Идешь по улице Луначарского, смотришь на серую, полинявшую, точно с креста снятую Климентовскую церковь, на обветшавшие дома девятнадцатого века, на окна с фикусами, алоэ, орхидеями, геранями и розами в горшках, на палисадники возле этих домов с буйно цветущими мальвами, шарами гортензий, гладиолусами, левкоями, флоксами и бархатцами, на заросли топинамбура, вылезающие за покрашенный синей краской штакетник, на заколоченные двери парадных подъездов, на держащиеся на честном слове ставни, на закрытую железную дверь магазина «Пироги» с полинявшей вывеской, которую, кажется, лет десять никто не открывал, на хорошо оштукатуренное, побеленное и покрашенное здание Торжокской межрайонной прокуратуры, занимающее памятник архитектуры второй половины девятнадцатого века, на мезонины купеческих домов, увешанные ржавыми тарелками телевизионных антенн, на обшитое унылым пластиковым сайдингом кафе «Надежда», в котором можно пообедать борщом, солянкой, пожарскими котлетами и мясом в горшках, на обвалившуюся затейливую лепнину старинного полуразрушенного особняка, на гипсовую женщину с лирой в руках, изо всех сил старающуюся не выпасть из ниши на втором этаже, и думаешь – стал бы ты радоваться, если бы все здесь было ухожено, оштукатурено и покрашено, если бы кресты на Климентовской церкви были позолочены, если бы колокольный звон на всю улицу, если бы в магазине «Пироги» торговали горячими пирогами, калачами, расстегаями с рыбой и ватрушками величиной с тарелку, если бы на открытой веранде кафе «Надежда» сновали половые и разносили бы карамельные латте, чизкейки, пышущие жаром пожарские котлеты, обложенную льдом зернистую икру в вазочках и запотевшие графины с водкой, если бы из какого-нибудь открытого окна доносились звуки рояля и кто-то приятным баритоном пел «Однозвучно гремит колокольчик», если бы… Нет, не стал бы. Если бы знать почему…
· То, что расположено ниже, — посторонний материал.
Lemma faceA_not_sub_of_not_below i j :
  below i j = false -> ~ face_sub (faceA_of l k p q i) (faceA_of l k p q j).
Proof.
  destruct (cross_nonzero_of_not_parallel l k hl hlk) as [Hlk Hkl].
  destruct (point_on_off k l Hlk) as (bk & Kbk & Lbk).
  assert (hq : q <> vzero) by exact (nonzero_of_lin l q hql).
  assert (Hu0 : U_line k (cross l k)) by apply lin_cross_r.
  assert (Lu0 : lin l (cross l k) = 0) by apply lin_cross_l.
  pose proof (U_point_self q) as Hq; pose proof (U_point_self p) as Hp.
  (* Witness points: q and p, l x k on both lines, and bk on k off l. *)
  destruct i, j; simpl; intros H; try discriminate.
  - apply (not_sub_L0 l _ q); auto.
  - apply (not_sub_L0 l _ p); auto.
  - apply (not_sub_L0 l _ (cross l k)); auto.
  - apply (not_sub_L0 l _ p); auto.
  - apply (test_not_sub_face0 l _ _ k (test_nsq l) Hlk).
  - apply (not_sub_L1 l q _ p); auto.
  - apply (not_sub_L1 l q _ (cross l k)); auto.
  - apply (not_sub_L1 l q _ p); auto.
  - apply (test_not_sub_face0 l _ _ k (test_sq_cross l q hq) Hlk).
  - apply (not_sub_L2 l p _ q); auto.
  - apply (not_sub_L2 l p _ bk); auto.
  - apply not_sub_L2_L4; auto.
  - apply (test_not_sub_face0 l _ _ k (test_sq_cross l p hp) Hlk).
  - apply not_sub_L3_L4; auto.
  - apply not_sub_L3_face0; auto.
  - apply (not_sub_L4 l _ q); auto.
  - apply (not_sub_L4 l _ bk); auto.
  - apply (test_not_sub_face0 l _ _ k (test_sq_lin l) Hlk).
Qed.

End TypeAFaces.

Theorem mainTheorem19 (l k p q : vec)
  (hl : l <> vzero) (hk : k <> vzero)
  (hlk : ~ (exists c : R, k = vscal c l))
  (hp : p <> vzero) (hpl : lin l p = 0)
  (hql : lin l q <> 0) :
  (forall i j : faceA,
     face_sub (faceA_of l k p q i) (faceA_of l k p q j) <-> clos_refl_trans faceA genA i j) /\
  ~ face_sub (faceA_of l k p q L1) (faceA_of l k p q L2) /\
  ~ face_sub (faceA_of l k p q L2) (faceA_of l k p q L1) /\
  ~ face_sub (faceA_of l k p q L3) (faceA_of l k p q L4) /\
  ~ face_sub (faceA_of l k p q L4) (faceA_of l k p q L3) /\
  ~ face_sub (faceA_of l k p q L4) (faceA_of l k p q L1).
Proof.
  pose proof (faceA_not_sub_of_not_below l k p q hl hlk hp hpl hql) as Hneg.
  split.
  - intros i j; split.
    + intros Hsub; apply closure_of_below.
      destruct (below i j) eqn:E; [reflexivity|].
      exfalso; exact (Hneg i j E Hsub).
    + intros Hcl; apply (faceA_sub_of_below l k p q hl hlk hpl hql), below_of_closure, Hcl.
  - repeat split; apply Hneg; reflexivity.
Qed.
(* Let $m\ge n$, let $\mathcal{U}$ be an open interval in $\mathbb{R}$, and let $F:\mathcal{U}\rightarrow M_{m\times n}(\mathbb{C})$ be a function each of whose entries is an analytic function on $\mathcal{U}$. Let $\mathcal{Y}(\mathcal{U})=\{x\in\mathcal{U} : F(x)\text{ has repeated singular values}\}$. Then either $\mathcal{Y}(\mathcal{U})=\mathcal{U}$ or $\mathcal{Y}(\mathcal{U})$ has no limit points in $\mathcal{U}$.
   Context: $M_{m\times n}(\mathbb{C})$ denotes the set of $m\times n$ complex matrices; throughout $m\ge n$. The singular values of $A\in M_{m\times n}(\mathbb{C})$ are the $n$ nonnegative square roots of the eigenvalues of $A^{\ast}A$, counted with multiplicity; $A$ has repeated singular values if two of these $n$ values coincide. A function on an open interval is analytic if around each point it is given by a convergent power series in the real variable (complex coefficients allowed). *)

From HB Require Import structures.
From mathcomp Require Import all_boot all_order all_algebra.
From mathcomp Require Import all_classical all_reals all_analysis.
From mathcomp Require Import complex.
Set Implicit Arguments. Unset Strict Implicit. Unset Printing Implicit Defensive.
Import Order.TTheory GRing.Theory Num.Theory ComplexField.
Import numFieldNormedType.Exports.
Local Open Scope classical_set_scope.
Local Open Scope ring_scope.

Definition adjmx (R : rcfType) m n (A : 'M[R[i]]_(m, n)) : 'M[R[i]]_(n, m) :=
  (map_mx Num.conj A)^T.

(* A has repeated singular values: the n singular values of A are the
   nonnegative square roots of the eigenvalues of A^* A counted with
   (algebraic) multiplicity, i.e. of the roots s (with multiplicity) of the
   characteristic polynomial of A^* A; two of these coincide. *)
Definition repeated_singular_values (R : rcfType) m n (A : 'M[R[i]]_(m, n)) :
  Prop :=
  exists s : seq R[i],
    char_poly (adjmx A *m A) = \prod_(z <- s) ('X - z%:P) /\
    ~~ uniq [seq sqrtC z | z <- s].

Definition analytic_on (R : realType) (U : set R) (f : R -> R[i]) : Prop :=
  forall x0, U x0 ->
    exists (a : nat -> R[i]) (r : R), 0 < r /\
      forall x, `|x - x0| < r ->
        (fun N : nat => ComplexField.Normc.normc (f x - \sum_(k < N) a k * ((x - x0)%:C)%C ^+ k))
          @ \oo --> (0 : R).

From HB Require Import structures.
From mathcomp Require Import all_boot all_order all_algebra.
From mathcomp Require Import all_classical all_reals all_analysis.
From mathcomp Require Import complex.
From mathcomp Require Import ring lra zify.
Set Implicit Arguments. Unset Strict Implicit. Unset Printing Implicit Defensive.
Import Order.TTheory GRing.Theory Num.Theory ComplexField.
Import numFieldNormedType.Exports.
Local Open Scope classical_set_scope.
Local Open Scope ring_scope.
Идешь по улице Луначарского в Торжке, смотришь на серую, полинявшую, точно с креста снятую Климентовскую церковь, на обветшавшие дома девятнадцатого века, на окна с фикусами, алоэ, орхидеями, геранями и розами в горшках, на палисадники возле этих домов с буйно цветущими мальвами, шарами гортензий, гладиолусами, левкоями, флоксами, левкоями, золотыми шарами, флоксами, бархатцами, на буйные заросли топинамбура, вылезающие за покрашенный синей краской штакетник, на заколоченные двери парадных подъездов, на держащиеся на честном слове ставни, на закрытую железную дверь магазина «Пироги», на хорошо отштукатуренное, побеленное и покрашенное здание Торжокской межрайонной прокуратуры, занимающее памятник архитектуры второй половины девятнадцатого века, на мезонины купеческих домов, увешанные тарелками телевизионных антенн, на обшитое унылым пластиковым сайдингом кафе «Надежда», в котором можно пообедать борщом, солянкой, пожарскими котлетами и мясом в горшках, но отчего-то не хочется, на обвалившуюся затейливую лепнину старинного полуразрушенного особняка, на гипсовую женщину с лирой в руках, изо всех сил старающуюся не выпасть из ниши на втором этаже, и думаешь – стал бы ты радоваться, если бы все здесь было ухожено, оштукатурено и покрашено, если бы кресты на Климентовской церкви были позолочены, если бы колокольный звон не только малиновый, но и клубничный, если бы в магазине «Пироги» торговали горячими пирогами, калачами, расстегаями с рыбой и ватрушками, если бы на открытой веранде кафе «Надежда» шустрые половые разносили бы карамельные латте, чизкейки, ботвиньи, румяных молочных поросят с хреном и обложенную льдом зернистую икру в вазочках, если бы из открытых окон доносились звуки рояля и кто-то приятным баритоном пел «Однозвучно гремит колокольчик»… Конечно, стал бы. Наверное, даже посидел бы на открытой веранде с карамельным латте и поросенком. Потом расплатился бы и… пошел обратно, домой – к заколоченным дверям парадных подъездов, к зарослям топинамбура, к падающей гипсовой женщине и к снятой с креста Климентовской церкви. Почему обратно? Если бы знать почему. Как там у Бунина: «В силу чего русской душе так мило, так отрадно запустение, глушь, распад?» Может, поэтому или…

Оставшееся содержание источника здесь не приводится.